WHAT YOU ARE ASKED TO DO -> In the listing below, find the line that contains "Definition has_copy (V" and the line that contains "(forall x, c (f x) = col x).". Quote both and every line between them, exactly, and nothing more.

%%

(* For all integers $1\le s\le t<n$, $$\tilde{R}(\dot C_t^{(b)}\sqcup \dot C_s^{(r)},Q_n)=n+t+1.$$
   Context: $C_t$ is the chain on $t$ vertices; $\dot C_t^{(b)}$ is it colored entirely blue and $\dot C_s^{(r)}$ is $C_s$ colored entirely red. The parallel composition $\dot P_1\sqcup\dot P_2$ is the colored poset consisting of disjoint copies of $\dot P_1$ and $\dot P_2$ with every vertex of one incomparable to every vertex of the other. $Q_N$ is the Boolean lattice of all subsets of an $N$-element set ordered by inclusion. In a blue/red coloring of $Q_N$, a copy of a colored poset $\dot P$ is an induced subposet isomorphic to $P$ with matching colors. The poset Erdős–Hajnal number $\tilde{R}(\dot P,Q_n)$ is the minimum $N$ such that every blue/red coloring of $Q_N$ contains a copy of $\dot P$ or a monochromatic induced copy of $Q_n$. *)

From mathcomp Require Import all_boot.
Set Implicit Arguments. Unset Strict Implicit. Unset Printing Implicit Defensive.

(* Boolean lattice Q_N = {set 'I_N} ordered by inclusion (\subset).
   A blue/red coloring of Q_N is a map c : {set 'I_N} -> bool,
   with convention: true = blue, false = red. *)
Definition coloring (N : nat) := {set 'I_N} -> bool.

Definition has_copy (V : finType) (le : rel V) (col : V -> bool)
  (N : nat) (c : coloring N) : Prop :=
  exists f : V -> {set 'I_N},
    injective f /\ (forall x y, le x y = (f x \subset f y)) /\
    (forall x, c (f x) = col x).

%%
%%

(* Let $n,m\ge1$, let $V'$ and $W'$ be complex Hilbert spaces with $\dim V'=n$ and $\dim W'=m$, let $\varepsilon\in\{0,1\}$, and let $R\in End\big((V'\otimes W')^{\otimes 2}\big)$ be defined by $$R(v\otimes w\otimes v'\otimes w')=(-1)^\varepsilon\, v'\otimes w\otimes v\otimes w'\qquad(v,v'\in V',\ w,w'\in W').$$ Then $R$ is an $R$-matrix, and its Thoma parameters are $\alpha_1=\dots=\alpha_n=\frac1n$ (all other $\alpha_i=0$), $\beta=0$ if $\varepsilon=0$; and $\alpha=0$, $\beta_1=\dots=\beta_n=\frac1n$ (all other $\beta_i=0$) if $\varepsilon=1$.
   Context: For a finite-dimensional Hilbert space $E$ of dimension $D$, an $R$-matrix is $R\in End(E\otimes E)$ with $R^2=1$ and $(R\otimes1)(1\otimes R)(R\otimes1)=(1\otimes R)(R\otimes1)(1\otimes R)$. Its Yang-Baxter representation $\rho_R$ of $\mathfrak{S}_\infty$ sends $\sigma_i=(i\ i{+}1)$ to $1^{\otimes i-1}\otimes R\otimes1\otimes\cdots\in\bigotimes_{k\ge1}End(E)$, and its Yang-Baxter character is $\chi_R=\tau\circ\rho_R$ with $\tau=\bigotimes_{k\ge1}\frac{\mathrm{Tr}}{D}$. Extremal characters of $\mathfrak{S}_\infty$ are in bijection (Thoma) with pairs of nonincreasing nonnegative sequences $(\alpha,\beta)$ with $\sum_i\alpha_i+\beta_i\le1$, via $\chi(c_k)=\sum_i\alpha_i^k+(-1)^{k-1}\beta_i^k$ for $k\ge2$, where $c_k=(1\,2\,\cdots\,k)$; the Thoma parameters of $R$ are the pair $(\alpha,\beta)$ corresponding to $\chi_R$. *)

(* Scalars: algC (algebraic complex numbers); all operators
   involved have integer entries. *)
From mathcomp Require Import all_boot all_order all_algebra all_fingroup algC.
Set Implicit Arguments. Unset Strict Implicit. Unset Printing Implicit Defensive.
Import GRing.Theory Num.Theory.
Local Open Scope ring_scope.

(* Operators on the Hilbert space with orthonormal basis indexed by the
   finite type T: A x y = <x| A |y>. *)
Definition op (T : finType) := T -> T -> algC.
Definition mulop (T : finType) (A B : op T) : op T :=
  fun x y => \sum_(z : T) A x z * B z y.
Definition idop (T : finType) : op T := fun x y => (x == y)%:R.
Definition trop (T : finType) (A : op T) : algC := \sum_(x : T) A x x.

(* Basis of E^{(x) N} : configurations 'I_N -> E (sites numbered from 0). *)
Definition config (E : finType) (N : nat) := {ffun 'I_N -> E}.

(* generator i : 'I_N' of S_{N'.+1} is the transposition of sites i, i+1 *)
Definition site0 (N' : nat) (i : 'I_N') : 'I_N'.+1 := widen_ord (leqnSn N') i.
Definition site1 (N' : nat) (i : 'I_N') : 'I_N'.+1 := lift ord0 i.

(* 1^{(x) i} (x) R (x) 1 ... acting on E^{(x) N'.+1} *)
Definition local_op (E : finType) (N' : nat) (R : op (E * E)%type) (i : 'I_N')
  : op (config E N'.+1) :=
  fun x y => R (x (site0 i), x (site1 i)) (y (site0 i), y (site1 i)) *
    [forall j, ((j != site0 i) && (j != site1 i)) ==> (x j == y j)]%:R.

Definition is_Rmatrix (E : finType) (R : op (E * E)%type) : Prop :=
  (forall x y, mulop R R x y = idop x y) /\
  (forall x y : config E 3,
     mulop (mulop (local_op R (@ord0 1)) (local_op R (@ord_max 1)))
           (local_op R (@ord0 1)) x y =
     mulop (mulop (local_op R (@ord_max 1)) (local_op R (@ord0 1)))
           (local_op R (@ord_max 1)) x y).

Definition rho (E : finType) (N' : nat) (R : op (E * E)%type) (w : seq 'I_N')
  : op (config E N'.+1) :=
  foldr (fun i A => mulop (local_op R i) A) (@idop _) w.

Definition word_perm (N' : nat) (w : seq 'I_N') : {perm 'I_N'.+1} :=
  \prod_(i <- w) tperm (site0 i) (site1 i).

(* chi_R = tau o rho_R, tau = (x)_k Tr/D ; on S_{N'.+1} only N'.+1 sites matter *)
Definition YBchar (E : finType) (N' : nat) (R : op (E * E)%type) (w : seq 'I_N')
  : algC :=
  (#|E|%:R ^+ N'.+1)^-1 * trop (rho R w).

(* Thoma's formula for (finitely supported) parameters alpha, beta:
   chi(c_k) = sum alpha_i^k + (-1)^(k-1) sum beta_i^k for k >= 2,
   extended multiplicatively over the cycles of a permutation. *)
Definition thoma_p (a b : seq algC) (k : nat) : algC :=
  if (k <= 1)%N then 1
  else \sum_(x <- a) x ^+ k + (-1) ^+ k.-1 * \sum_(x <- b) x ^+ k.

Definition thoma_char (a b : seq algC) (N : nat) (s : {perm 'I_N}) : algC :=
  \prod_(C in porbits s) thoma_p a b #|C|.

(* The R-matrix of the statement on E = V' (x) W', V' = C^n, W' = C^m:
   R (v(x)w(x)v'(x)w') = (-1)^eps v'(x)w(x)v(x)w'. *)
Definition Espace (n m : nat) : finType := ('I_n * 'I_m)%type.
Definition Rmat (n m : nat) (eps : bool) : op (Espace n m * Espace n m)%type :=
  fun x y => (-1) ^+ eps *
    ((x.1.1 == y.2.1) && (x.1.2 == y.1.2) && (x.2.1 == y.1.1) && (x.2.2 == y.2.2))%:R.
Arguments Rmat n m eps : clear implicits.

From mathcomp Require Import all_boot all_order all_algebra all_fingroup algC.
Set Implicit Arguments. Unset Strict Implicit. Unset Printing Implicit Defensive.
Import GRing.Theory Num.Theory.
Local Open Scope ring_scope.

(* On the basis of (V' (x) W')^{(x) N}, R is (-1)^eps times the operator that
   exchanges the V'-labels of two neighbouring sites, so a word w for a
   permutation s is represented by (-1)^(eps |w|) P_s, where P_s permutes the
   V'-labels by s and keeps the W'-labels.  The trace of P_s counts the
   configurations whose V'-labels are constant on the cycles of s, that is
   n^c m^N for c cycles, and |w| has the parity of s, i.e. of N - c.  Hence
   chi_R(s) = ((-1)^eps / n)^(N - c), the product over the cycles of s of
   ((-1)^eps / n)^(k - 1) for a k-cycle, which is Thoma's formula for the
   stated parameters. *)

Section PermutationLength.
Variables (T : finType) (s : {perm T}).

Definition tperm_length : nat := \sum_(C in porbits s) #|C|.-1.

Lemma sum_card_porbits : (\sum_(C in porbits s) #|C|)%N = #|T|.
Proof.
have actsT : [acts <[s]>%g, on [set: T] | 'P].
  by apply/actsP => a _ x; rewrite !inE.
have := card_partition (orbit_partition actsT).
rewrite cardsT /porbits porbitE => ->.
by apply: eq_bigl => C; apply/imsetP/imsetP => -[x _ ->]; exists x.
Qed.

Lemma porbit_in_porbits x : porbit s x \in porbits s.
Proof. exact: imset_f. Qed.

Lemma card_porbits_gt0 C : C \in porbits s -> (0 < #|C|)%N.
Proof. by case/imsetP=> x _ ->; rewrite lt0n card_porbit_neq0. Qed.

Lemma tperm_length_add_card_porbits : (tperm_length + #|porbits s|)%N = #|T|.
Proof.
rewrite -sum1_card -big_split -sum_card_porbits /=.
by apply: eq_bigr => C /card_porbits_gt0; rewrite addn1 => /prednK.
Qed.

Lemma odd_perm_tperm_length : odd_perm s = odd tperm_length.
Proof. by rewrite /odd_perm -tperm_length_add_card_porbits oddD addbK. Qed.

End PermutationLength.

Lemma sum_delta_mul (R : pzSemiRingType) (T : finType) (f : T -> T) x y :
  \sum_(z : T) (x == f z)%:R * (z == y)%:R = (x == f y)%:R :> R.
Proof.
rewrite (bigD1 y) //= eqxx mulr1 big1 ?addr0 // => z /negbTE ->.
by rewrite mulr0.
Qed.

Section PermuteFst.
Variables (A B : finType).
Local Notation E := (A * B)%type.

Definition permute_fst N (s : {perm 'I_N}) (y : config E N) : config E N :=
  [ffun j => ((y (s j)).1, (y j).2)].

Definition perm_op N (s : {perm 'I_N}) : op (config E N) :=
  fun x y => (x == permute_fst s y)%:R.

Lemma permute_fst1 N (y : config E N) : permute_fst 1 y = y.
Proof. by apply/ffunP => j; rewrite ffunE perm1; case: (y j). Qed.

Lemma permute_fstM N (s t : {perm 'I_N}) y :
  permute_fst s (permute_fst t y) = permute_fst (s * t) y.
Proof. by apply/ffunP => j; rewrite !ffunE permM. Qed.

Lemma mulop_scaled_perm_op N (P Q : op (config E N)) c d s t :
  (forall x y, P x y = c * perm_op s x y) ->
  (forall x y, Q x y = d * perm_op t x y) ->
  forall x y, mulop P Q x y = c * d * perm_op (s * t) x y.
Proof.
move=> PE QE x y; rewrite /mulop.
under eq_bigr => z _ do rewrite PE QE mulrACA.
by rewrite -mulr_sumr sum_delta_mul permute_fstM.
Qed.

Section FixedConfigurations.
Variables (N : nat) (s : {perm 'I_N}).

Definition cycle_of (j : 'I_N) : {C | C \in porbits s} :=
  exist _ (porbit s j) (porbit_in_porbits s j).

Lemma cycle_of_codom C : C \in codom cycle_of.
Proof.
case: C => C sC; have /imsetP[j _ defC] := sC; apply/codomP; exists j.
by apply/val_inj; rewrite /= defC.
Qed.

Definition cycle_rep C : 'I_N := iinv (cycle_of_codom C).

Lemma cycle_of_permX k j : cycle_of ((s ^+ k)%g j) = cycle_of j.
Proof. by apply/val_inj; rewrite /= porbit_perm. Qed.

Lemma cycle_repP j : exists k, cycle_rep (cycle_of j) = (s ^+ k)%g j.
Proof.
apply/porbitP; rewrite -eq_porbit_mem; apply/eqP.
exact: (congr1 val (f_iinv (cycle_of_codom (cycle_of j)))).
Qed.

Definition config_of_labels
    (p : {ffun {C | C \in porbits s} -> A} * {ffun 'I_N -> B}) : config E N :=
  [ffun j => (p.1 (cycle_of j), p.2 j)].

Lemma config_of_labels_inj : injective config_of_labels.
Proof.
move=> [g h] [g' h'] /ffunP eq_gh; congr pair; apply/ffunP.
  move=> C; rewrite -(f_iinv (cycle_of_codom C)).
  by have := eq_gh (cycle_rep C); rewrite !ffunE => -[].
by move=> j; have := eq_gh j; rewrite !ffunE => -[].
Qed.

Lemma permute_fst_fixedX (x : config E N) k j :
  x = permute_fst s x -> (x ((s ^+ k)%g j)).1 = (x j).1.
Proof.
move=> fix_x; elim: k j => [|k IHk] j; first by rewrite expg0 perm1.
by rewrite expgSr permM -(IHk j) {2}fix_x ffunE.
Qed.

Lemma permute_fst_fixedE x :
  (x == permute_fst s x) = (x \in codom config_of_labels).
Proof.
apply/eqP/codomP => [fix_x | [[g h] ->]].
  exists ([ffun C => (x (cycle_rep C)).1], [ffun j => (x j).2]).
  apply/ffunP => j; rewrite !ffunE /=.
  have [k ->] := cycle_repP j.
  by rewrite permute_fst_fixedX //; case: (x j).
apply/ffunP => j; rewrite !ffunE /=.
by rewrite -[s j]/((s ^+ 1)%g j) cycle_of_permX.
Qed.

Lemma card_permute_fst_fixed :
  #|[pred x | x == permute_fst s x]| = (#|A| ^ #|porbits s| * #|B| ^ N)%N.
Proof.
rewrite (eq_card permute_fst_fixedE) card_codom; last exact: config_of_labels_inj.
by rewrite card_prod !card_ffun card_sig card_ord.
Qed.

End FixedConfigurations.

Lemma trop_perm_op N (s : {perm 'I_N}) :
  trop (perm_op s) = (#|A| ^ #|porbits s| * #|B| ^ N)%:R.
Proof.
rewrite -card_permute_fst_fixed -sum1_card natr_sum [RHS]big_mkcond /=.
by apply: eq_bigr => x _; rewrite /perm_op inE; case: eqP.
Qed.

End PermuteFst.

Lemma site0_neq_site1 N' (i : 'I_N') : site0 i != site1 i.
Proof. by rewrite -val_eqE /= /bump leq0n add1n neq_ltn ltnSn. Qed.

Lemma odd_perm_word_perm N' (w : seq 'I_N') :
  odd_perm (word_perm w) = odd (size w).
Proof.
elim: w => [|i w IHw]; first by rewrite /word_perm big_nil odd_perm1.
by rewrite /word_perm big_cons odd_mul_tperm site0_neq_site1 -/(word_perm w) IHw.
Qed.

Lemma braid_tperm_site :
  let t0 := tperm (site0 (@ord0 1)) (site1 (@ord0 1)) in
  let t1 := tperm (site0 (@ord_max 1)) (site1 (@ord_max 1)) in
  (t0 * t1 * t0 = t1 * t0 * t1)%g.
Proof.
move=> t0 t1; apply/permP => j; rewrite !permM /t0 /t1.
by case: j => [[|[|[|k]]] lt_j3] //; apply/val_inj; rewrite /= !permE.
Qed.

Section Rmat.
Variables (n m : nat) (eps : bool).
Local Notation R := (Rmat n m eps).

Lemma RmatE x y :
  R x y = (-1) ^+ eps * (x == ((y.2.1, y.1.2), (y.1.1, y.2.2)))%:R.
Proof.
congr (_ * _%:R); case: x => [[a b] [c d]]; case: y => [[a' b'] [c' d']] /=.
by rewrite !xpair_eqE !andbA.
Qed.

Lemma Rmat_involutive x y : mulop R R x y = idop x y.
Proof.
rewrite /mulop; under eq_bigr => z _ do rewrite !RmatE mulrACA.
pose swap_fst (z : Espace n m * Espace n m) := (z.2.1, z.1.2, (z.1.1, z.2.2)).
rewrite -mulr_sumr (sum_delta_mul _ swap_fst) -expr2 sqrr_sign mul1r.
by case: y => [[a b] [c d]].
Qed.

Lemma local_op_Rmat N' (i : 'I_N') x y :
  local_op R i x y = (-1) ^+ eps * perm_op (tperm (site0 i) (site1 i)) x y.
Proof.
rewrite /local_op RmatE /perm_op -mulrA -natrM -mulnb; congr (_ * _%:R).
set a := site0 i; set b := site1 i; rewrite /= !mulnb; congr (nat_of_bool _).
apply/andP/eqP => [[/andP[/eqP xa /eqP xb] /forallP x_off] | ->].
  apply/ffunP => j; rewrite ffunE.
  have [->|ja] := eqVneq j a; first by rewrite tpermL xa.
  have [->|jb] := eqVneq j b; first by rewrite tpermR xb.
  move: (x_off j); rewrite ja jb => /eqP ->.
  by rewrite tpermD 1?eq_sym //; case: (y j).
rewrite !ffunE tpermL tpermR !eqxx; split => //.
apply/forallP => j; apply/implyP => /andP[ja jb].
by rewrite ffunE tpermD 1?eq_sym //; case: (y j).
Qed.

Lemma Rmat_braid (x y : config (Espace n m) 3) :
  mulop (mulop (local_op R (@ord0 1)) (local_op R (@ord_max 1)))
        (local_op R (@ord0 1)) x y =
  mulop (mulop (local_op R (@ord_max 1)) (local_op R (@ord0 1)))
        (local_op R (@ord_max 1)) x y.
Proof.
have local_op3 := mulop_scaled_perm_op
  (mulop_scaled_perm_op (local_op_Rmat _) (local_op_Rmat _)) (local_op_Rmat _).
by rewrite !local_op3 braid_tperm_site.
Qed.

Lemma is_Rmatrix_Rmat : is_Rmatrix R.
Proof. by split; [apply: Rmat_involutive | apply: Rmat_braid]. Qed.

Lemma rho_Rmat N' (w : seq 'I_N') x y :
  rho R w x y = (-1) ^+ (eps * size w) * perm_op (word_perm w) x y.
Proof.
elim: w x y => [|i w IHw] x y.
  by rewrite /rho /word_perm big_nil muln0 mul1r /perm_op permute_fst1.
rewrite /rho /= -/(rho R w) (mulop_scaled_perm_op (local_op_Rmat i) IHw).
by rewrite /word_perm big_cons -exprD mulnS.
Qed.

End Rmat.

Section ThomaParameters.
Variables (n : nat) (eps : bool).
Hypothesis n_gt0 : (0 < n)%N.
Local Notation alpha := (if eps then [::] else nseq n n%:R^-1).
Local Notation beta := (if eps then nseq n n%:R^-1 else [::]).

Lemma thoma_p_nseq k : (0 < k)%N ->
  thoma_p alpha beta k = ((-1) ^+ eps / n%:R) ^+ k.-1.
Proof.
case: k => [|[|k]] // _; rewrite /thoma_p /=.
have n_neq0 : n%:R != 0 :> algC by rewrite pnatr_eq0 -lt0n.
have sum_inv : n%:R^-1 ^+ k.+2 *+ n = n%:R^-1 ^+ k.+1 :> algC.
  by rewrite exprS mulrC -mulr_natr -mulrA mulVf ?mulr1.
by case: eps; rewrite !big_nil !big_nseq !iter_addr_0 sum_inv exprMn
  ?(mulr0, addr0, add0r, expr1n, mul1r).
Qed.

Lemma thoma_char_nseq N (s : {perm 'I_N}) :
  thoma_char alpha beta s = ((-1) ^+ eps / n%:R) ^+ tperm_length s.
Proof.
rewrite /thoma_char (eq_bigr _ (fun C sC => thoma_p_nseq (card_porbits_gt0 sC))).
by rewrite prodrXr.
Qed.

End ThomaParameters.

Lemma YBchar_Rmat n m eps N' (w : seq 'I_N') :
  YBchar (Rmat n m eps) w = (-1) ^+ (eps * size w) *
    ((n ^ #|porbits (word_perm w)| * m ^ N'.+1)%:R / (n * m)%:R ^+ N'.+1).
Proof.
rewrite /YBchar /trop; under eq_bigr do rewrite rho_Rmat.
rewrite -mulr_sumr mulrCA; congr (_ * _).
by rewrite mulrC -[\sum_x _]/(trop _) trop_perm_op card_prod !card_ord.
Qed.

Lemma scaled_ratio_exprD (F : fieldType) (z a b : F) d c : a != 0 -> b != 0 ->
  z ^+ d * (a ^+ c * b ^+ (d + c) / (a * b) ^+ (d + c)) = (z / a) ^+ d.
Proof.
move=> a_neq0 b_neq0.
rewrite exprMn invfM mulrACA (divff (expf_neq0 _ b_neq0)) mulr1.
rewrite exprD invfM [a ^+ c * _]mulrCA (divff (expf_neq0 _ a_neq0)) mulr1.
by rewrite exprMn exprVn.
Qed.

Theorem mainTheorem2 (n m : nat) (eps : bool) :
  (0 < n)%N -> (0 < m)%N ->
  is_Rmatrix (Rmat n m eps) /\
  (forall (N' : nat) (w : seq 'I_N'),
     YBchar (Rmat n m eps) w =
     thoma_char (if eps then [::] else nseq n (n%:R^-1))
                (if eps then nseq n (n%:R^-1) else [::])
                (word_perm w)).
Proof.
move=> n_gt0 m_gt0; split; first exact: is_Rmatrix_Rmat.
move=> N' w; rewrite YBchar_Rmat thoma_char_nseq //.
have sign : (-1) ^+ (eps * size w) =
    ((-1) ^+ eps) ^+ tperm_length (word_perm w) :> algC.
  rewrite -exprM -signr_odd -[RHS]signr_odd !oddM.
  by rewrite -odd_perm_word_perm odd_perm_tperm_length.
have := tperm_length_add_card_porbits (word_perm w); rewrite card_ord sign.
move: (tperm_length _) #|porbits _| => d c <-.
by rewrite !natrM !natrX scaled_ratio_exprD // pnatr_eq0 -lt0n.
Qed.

%%

REPLY TO THE EXERCISE ->
Definition has_copy (V : finType) (le : rel V) (col : V -> bool)
  (N : nat) (c : coloring N) : Prop :=
  exists f : V -> {set 'I_N},
    injective f /\ (forall x y, le x y = (f x \subset f y)) /\
    (forall x, c (f x) = col x).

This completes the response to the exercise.